Your instructions: In the records that follow, find the line with "apply: le_ereal_inf => t [y [Oy [Dy xy]] ft]."; from there, retype every line exactly through the line with "move=> fI ff';", which also belongs to the answer.

Records shown:
(* Let $\Omega\subseteq\mathbb{R}^n$ be open. A function $f\in\mathbb{A}(\Omega)$ is D-continuous if and only if $G(f)=f$, where $G(f)=[I(S(I(f))),S(I(S(f)))]$.
   Context: $\overline{\mathbb{R}}=\mathbb{R}\cup\{\pm\infty\}$, $\mathbb{I}\overline{\mathbb{R}}$ is the set of closed intervals $[\underline a,\overline a]$ with $\underline a\le\overline a$ in $\overline{\mathbb{R}}$, $a\in\overline{\mathbb{R}}$ identified with $[a,a]$. $\mathbb{A}(X)$ is the set of functions $X\to\mathbb{I}\overline{\mathbb{R}}$. $B_\delta(x)=\{y\in\Omega:\|x-y\|<\delta\}$. For dense $D\subseteq\Omega$ and $f\in\mathbb{A}(D)$: $I(D,\Omega,f)(x)=\sup_{\delta>0}\inf\{z\in f(y):y\in B_\delta(x)\cap D\}$, $S(D,\Omega,f)(x)=\inf_{\delta>0}\sup\{z\in f(y):y\in B_\delta(x)\cap D\}$, $F(D,\Omega,f)(x)=[I(D,\Omega,f)(x),S(D,\Omega,f)(x)]$; when $D=\Omega$ write $I(f),S(f)$. $f\in\mathbb{A}(\Omega)$ is D-continuous if $F(D,\Omega,f)=f$ for every dense subset $D$ of $\Omega$ (using the restriction of $f$ to $D$). *)

From HB Require Import structures.
From mathcomp Require Import all_boot all_order all_algebra.
From mathcomp Require Import all_classical all_reals all_analysis.
Set Implicit Arguments. Unset Strict Implicit. Unset Printing Implicit Defensive.
Import Order.TTheory GRing.Theory Num.Theory.
Import numFieldNormedType.Exports.
Local Open Scope classical_set_scope.
Local Open Scope ring_scope.

(* An element of I(\bar R) is represented by the pair (lower, upper) of
   extended reals; a function in A(Omega) is f : 'rV[R]_n -> \bar R * \bar R,
   considered on Omega, with (f x).1 <= (f x).2 for x in Omega. *)

Section Defs.
Variables (R : realType) (n : nat).
Local Notation pt := 'rV[R]_n.

Definition vals (Om D : set pt) (f : pt -> \bar R * \bar R) (x : pt) (d : R)
  : set (\bar R) :=
  [set z | exists2 y, (Om y /\ D y /\ `|x - y| < d) &
                      (((f y).1 <= z)%E /\ (z <= (f y).2)%E)].

Definition IopD (Om D : set pt) (f : pt -> \bar R * \bar R) (x : pt) : \bar R :=
  ereal_sup [set ereal_inf (vals Om D f x d) | d in [set d : R | 0 < d]].

Definition SopD (Om D : set pt) (f : pt -> \bar R * \bar R) (x : pt) : \bar R :=
  ereal_inf [set ereal_sup (vals Om D f x d) | d in [set d : R | 0 < d]].

Definition FopD (Om D : set pt) (f : pt -> \bar R * \bar R) (x : pt)
  : \bar R * \bar R := (IopD Om D f x, SopD Om D f x).

Definition Iop (Om : set pt) f := IopD Om Om f.
Definition Sop (Om : set pt) f := SopD Om Om f.

Definition degen (g : pt -> \bar R) : pt -> \bar R * \bar R := fun x => (g x, g x).

Definition dense_in (Om D : set pt) : Prop := D `<=` Om /\ Om `<=` closure D.

Definition D_continuous (Om : set pt) (f : pt -> \bar R * \bar R) : Prop :=
  forall D, dense_in Om D -> forall x, Om x -> FopD Om D f x = f x.

Definition Gop (Om : set pt) (f : pt -> \bar R * \bar R) (x : pt)
  : \bar R * \bar R :=
  (Iop Om (degen (Sop Om (degen (Iop Om f)))) x,
   Sop Om (degen (Iop Om (degen (Sop Om f)))) x).

End Defs.

From HB Require Import structures.
From mathcomp Require Import all_boot all_order all_algebra.
From mathcomp Require Import all_classical all_reals all_analysis.
Import Order.TTheory GRing.Theory Num.Theory.
Import numFieldNormedType.Exports.
Local Open Scope classical_set_scope.
Local Open Scope ring_scope.

(* Only the lower envelope I f enters the lower bound of G(f), and D-continuity
   of the lower bound is equivalent to I(S(I f)) = f.1 on Omega.  If
   I(S(I f))(x) > r > f.1(x), then S(I f) > r near x, so the points where
   I f >= r are dense near x, and along that dense set the lower envelope at x
   is at least r.  Conversely, for D dense, every point y near x has points of D
   arbitrarily close, so the infimum of f.1 over D near x lies below S(I f)(y);
   hence I_D f <= I(S(I f)) = f.1, while I_D f >= I f = f.1 holds for any D.
   The upper bound reduces to the lower one through f |-> -f, which exchanges
   I and S. *)

Lemma lte_dense (R : realFieldType) (a b : \bar R) :
  (a < b)%E -> exists2 c, (a < c)%E & (c < b)%E.
Proof.
case: a => [a||]; case: b => [b||] //=.
- by rewrite lte_fin => ab; exists ((a + b) / 2)%:E; rewrite lte_fin ?midf_lt.
- by move=> _; exists (a + 1)%:E; rewrite ?ltry // lte_fin ltrDl ltr01.
- by move=> _; exists (b - 1)%:E; rewrite ?ltNyr // lte_fin gtrDl oppr_lt0 ltr01.
- by move=> _; exists 0%:E; rewrite ?ltNy0 ?lt0y.
Qed.

Lemma normB_lt_split {R : numDomainType} {V : normedZmodType R} {x y z : V} {d : R} :
  `|x - y| < d -> `|y - z| < d - `|x - y| -> `|x - z| < d.
Proof. by move=> _ yz; apply: le_lt_trans (ler_distD y x z) _; rewrite -ltrBrDl. Qed.

Section Envelopes.
Set Implicit Arguments. Unset Strict Implicit.
Variables (R : realType) (n : nat).
Local Notation pt := 'rV[R]_n.
Implicit Types (Om D : set pt) (f : pt -> \bar R * \bar R) (g : pt -> \bar R).
Implicit Types (x y z : pt) (c : \bar R).

Definition interval_on Om f := forall y, Om y -> ((f y).1 <= (f y).2)%E.

Lemma dense_in_refl Om : dense_in Om Om.
Proof. by split=> //; apply: subset_closure. Qed.

Lemma ereal_inf_vals_lbound Om D f x d y : Om y -> D y -> `|x - y| < d ->
  ((f y).1 <= (f y).2)%E -> (ereal_inf (vals Om D f x d) <= (f y).1)%E.
Proof. by move=> Oy Dy xy fy; apply: ereal_inf_lbound; exists y. Qed.

Lemma ereal_inf_vals_ge Om D f x d c :
  (forall y, Om y -> D y -> `|x - y| < d -> (c <= (f y).1)%E) ->
  (c <= ereal_inf (vals Om D f x d))%E.
Proof.
move=> cf; apply: le_ereal_inf_tmp => t [y [Oy [Dy xy]] [ft _]].
exact: le_trans (cf y Oy Dy xy) ft.
Qed.

Lemma IopD_ge Om D f x d c : 0 < d ->
  (c <= ereal_inf (vals Om D f x d))%E -> (c <= IopD Om D f x)%E.
Proof. by move=> d0 /le_trans; apply; apply: ereal_sup_ubound; exists d. Qed.

Lemma IopD_le Om D f x c :
  (forall d, 0 < d -> (ereal_inf (vals Om D f x d) <= c)%E) ->
  (IopD Om D f x <= c)%E.
Proof. by move=> fc; apply: ge_ereal_sup => _ [d d0 <-]; exact: fc. Qed.

Lemma IopD_le_self Om D f x : Om x -> D x -> ((f x).1 <= (f x).2)%E ->
  (IopD Om D f x <= (f x).1)%E.
Proof.
move=> Ox Dx fx; apply: IopD_le => d d0.
by apply: ereal_inf_vals_lbound; rewrite ?subrr ?normr0.
Qed.

Lemma IopD_subset Om D D' f x : D `<=` D' ->
  (IopD Om D' f x <= IopD Om D f x)%E.
Proof.
move=> DD'; apply: IopD_le => d d0; apply: (IopD_ge d0).
apply: le_ereal_inf => t [y [Oy [Dy xy]] ft].
by exists y => //; split=> //; split=> //; apply: DD'.
Qed.

Lemma le_IopD Om D f f' x : interval_on Om f ->
  (forall y, Om y -> ((f y).1 <= (f' y).1)%E) ->
  (IopD Om D f x <= IopD Om D f' x)%E.
Proof.
move=> fI ff'; apply: IopD_le => d d0; apply: (IopD_ge d0).
apply: ereal_inf_vals_ge => y Oy Dy xy; apply: le_trans (ff' y Oy).
exact: ereal_inf_vals_lbound (fI y Oy).
Qed.

Lemma eq_IopD Om D f f' x : interval_on Om f -> interval_on Om f' ->
  (forall y, Om y -> (f y).1 = (f' y).1) -> IopD Om D f x = IopD Om D f' x.
Proof.
by move=> fI f'I ff'; apply/le_anti; rewrite !le_IopD // => y /ff' ->.
Qed.

Lemma Iop_idem Om f x : Om x -> interval_on Om f ->
  Iop Om (degen (Iop Om f)) x = Iop Om f x.
Proof.
move=> Ox fI; apply/le_anti; rewrite IopD_le_self //=.
apply: ge_ereal_sup => _ [d d0 <-]; apply: (IopD_ge d0).
apply: ereal_inf_vals_ge => y Oy _ xy /=.
have d'0 : 0 < d - `|x - y| by rewrite subr_gt0.
apply: (IopD_ge d'0); apply: le_ereal_inf => t [z [Oz [_ yz]] zt].
by exists z => //; split=> //; split=> //; apply: normB_lt_split yz.
Qed.

Lemma Sop_degen_ge Om g y : Om y -> (g y <= Sop Om (degen g) y)%E.
Proof.
move=> Oy; apply: le_ereal_inf_tmp => _ [e e0 <-].
by apply: ereal_sup_ubound; exists y; rewrite ?subrr ?normr0.
Qed.

Definition lower_D_continuous Om f :=
  forall D, dense_in Om D -> forall x, Om x -> IopD Om D f x = (f x).1.

Lemma dense_superlevel Om g x d r :
  (forall y, Om y -> `|x - y| < d -> (r < Sop Om (degen g) y)%E) ->
  dense_in Om [set y | Om y /\ (`|x - y| < d -> (r <= g y)%E)].
Proof.
move=> rS; split=> [y [] //|y Oy B /nbhs_ballP[e /= e0 eB]].
have [xy|xy] := pselect (`|x - y| < d); last first.
  by exists y; split; [split=> // /xy | apply: eB; apply: ballxx].
set e' := Num.min e (d - `|x - y|).
have e'0 : 0 < e' by rewrite lt_min e0 subr_gt0.
have /ereal_sup_gt[t [z [Oz [_ yz]] [_ zt]] rt] :
    (r < ereal_sup (vals Om Om (degen g) y e'))%E.
  by apply: lt_le_trans (rS y Oy xy) _; apply: ereal_inf_lbound; exists e'.
move: yz; rewrite lt_min => /andP[yze yzd].
exists z; split; first by split=> // _; apply/ltW/(lt_le_trans rt).
by apply: eB; rewrite -ball_normE.
Qed.

Lemma lower_D_continuous_Gop Om f : interval_on Om f ->
  lower_D_continuous Om f -> forall x, Om x -> (Gop Om f x).1 = (f x).1.
Proof.
move=> fI fC x Ox /=.
have IfE y : Om y -> Iop Om f y = (f y).1 by apply: fC; apply: dense_in_refl.
apply/le_anti/andP; split; last first.
  rewrite -IfE // -(Iop_idem Ox fI); apply: le_IopD => // y Oy.
  exact: Sop_degen_ge.
rewrite leNgt; apply/negP => /ereal_sup_gt[_ [d d0 <-] /lte_dense[r fxr rS]].
have rSy y : Om y -> `|x - y| < d -> (r < Sop Om (degen (Iop Om f)) y)%E.
  by move=> Oy xy; apply: lt_le_trans rS _; apply: ereal_inf_vals_lbound.
have := fC _ (dense_superlevel rSy) x Ox => fxE.
suff : (r <= (f x).1)%E by rewrite leNgt fxr.
rewrite -fxE; apply: (IopD_ge d0); apply: ereal_inf_vals_ge => y Oy [_ ry] xy.
by rewrite -IfE //; apply: ry.
Qed.

Lemma IopD_le_Iop_Sop Om D f g x : interval_on Om f -> dense_in Om D ->
  (forall z, D z -> ((f z).1 <= g z)%E) ->
  (IopD Om D f x <= Iop Om (degen (Sop Om (degen g))) x)%E.
Proof.
move=> fI [DOm Dd] fg; apply: IopD_le => d d0.
apply: le_trans (IopD_ge d0 (lexx _)).
apply: le_ereal_inf_tmp => t [y [Oy [_ xy]] [yt _]]; apply: le_trans yt.
apply: le_ereal_inf_tmp => _ [e e0 <-].
have e'0 : 0 < Num.min e (d - `|x - y|) by rewrite lt_min e0 subr_gt0.
have [z [Dz /=]] := Dd y Oy _ (nbhsx_ballx y _ e'0).
rewrite -ball_normE /= lt_min => /andP[yze yzd].
have Oz := DOm z Dz.
apply: le_trans (ereal_inf_vals_lbound Oz Dz (normB_lt_split xy yzd) (fI z Oz)) _.
apply: le_trans (fg z Dz) _.
by apply: ereal_sup_ubound; exists z.
Qed.

Lemma Gop_lower_D_continuous Om f : interval_on Om f ->
  (forall x, Om x -> (Gop Om f x).1 = (f x).1) -> lower_D_continuous Om f.
Proof.
move=> fI fG D DOm x Ox.
have IfE y : Om y -> Iop Om f y = (f y).1.
  move=> Oy; rewrite -[RHS](fG y Oy) /= -[RHS]Iop_idem //.
  by apply: eq_IopD => // z Oz; rewrite -(fG z Oz).
apply/le_anti/andP; split; last by rewrite -IfE //; apply: IopD_subset DOm.1.
rewrite -[X in (_ <= X)%E](fG x Ox).
by apply: IopD_le_Iop_Sop => // z Dz; rewrite IfE //; apply: DOm.1.
Qed.

Lemma lower_D_continuousP Om f : interval_on Om f ->
  lower_D_continuous Om f <-> (forall x, Om x -> (Gop Om f x).1 = (f x).1).
Proof.
by move=> fI; split; [apply: lower_D_continuous_Gop | apply: Gop_lower_D_continuous].
Qed.

Definition ineg f : pt -> \bar R * \bar R := fun y => (- (f y).2, - (f y).1)%E.

Lemma inegK : involutive ineg.
Proof. by move=> f; apply: funext => y; rewrite /ineg /= !oppeK; case: (f y). Qed.

Lemma interval_on_ineg Om f : interval_on Om f -> interval_on Om (ineg f).
Proof. by move=> fI y Oy; rewrite leeN2; apply: fI. Qed.

Lemma ineg_degen g : ineg (degen g) = degen (fun y => - g y)%E.
Proof. by []. Qed.

Lemma vals_ineg Om D f x d : vals Om D (ineg f) x d = -%E @` vals Om D f x d.
Proof.
apply/seteqP; split=> t.
  move=> [y Dy [ft tf]]; exists (- t)%E; last by rewrite oppeK.
  by exists y => //; rewrite leeNr leeNl.
by move=> [s [y Dy [fs sf]] <-]; exists y => //; rewrite !leeN2.
Qed.

Lemma SopD_ineg Om D f : SopD Om D f = fun x => (- IopD Om D (ineg f) x)%E.
Proof.
apply: funext => x; rewrite /IopD /SopD -[LHS]oppeK -ereal_supN; congr (- _)%E.
congr ereal_sup; apply/seteqP; split=> t.
  by move=> [s [d d0 <-] <-]; exists d; rewrite // vals_ineg ereal_infN.
move=> [d d0 <-]; rewrite vals_ineg ereal_infN.
by exists (ereal_sup (vals Om D f x d)) => //; exists d.
Qed.

Lemma IopD_ineg Om D f : IopD Om D f = fun x => (- SopD Om D (ineg f) x)%E.
Proof. by apply: funext => x; rewrite SopD_ineg inegK oppeK. Qed.

Lemma Gop_ineg Om f x : (Gop Om f x).2 = (- (Gop Om (ineg f) x).1)%E.
Proof.
rewrite /= /Sop [in LHS]SopD_ineg ineg_degen; congr (- IopD _ _ (degen _) x)%E.
apply: funext => y; rewrite [in RHS]SopD_ineg ineg_degen; congr (- _)%E.
by congr (IopD _ _ (degen _) y); rewrite SopD_ineg.
Qed.

Lemma D_continuousE Om f :
  D_continuous Om f <-> lower_D_continuous Om f /\ lower_D_continuous Om (ineg f).
Proof.
split=> [fC|[fC fnC] D DOm x Ox].
  split=> D DOm x Ox; first by rewrite -(fC D DOm x Ox).
  by rewrite IopD_ineg inegK /= -(fC D DOm x Ox).
by apply: injective_projections; rewrite /= ?fC // SopD_ineg fnC //= oppeK.
Qed.

Lemma Gop_fixedE Om f :
  (forall x, Om x -> Gop Om f x = f x) <->
  (forall x, Om x -> (Gop Om f x).1 = (f x).1) /\
  (forall x, Om x -> (Gop Om (ineg f) x).1 = (ineg f x).1).
Proof.
split=> [fG|[fG fnG] x Ox].
  split=> x Ox; first by rewrite fG.
  by apply: oppe_inj; rewrite -Gop_ineg fG //= oppeK.
by apply: injective_projections; rewrite ?fG // Gop_ineg fnG //= oppeK.
Qed.

End Envelopes.

Theorem theorem13 (R : realType) (n : nat) (Om : set 'rV[R]_n)
  (f : 'rV[R]_n -> \bar R * \bar R) :
  open Om ->
  (forall x, Om x -> ((f x).1 <= (f x).2)%E) ->
  (D_continuous Om f <-> (forall x, Om x -> Gop Om f x = f x)).
Proof.
move=> _ fI; have fnI := interval_on_ineg fI.
rewrite D_continuousE Gop_fixedE.
by rewrite (lower_D_continuousP fI) (lower_D_continuousP fnI).
Qed.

Solution:
apply: le_ereal_inf => t [y [Oy [Dy xy]] ft].
by exists y => //; split=> //; split=> //; apply: DD'.
Qed.

Lemma le_IopD Om D f f' x : interval_on Om f ->
  (forall y, Om y -> ((f y).1 <= (f' y).1)%E) ->
  (IopD Om D f x <= IopD Om D f' x)%E.
Proof.
move=> fI ff'; apply: IopD_le => d d0; apply: (IopD_ge d0).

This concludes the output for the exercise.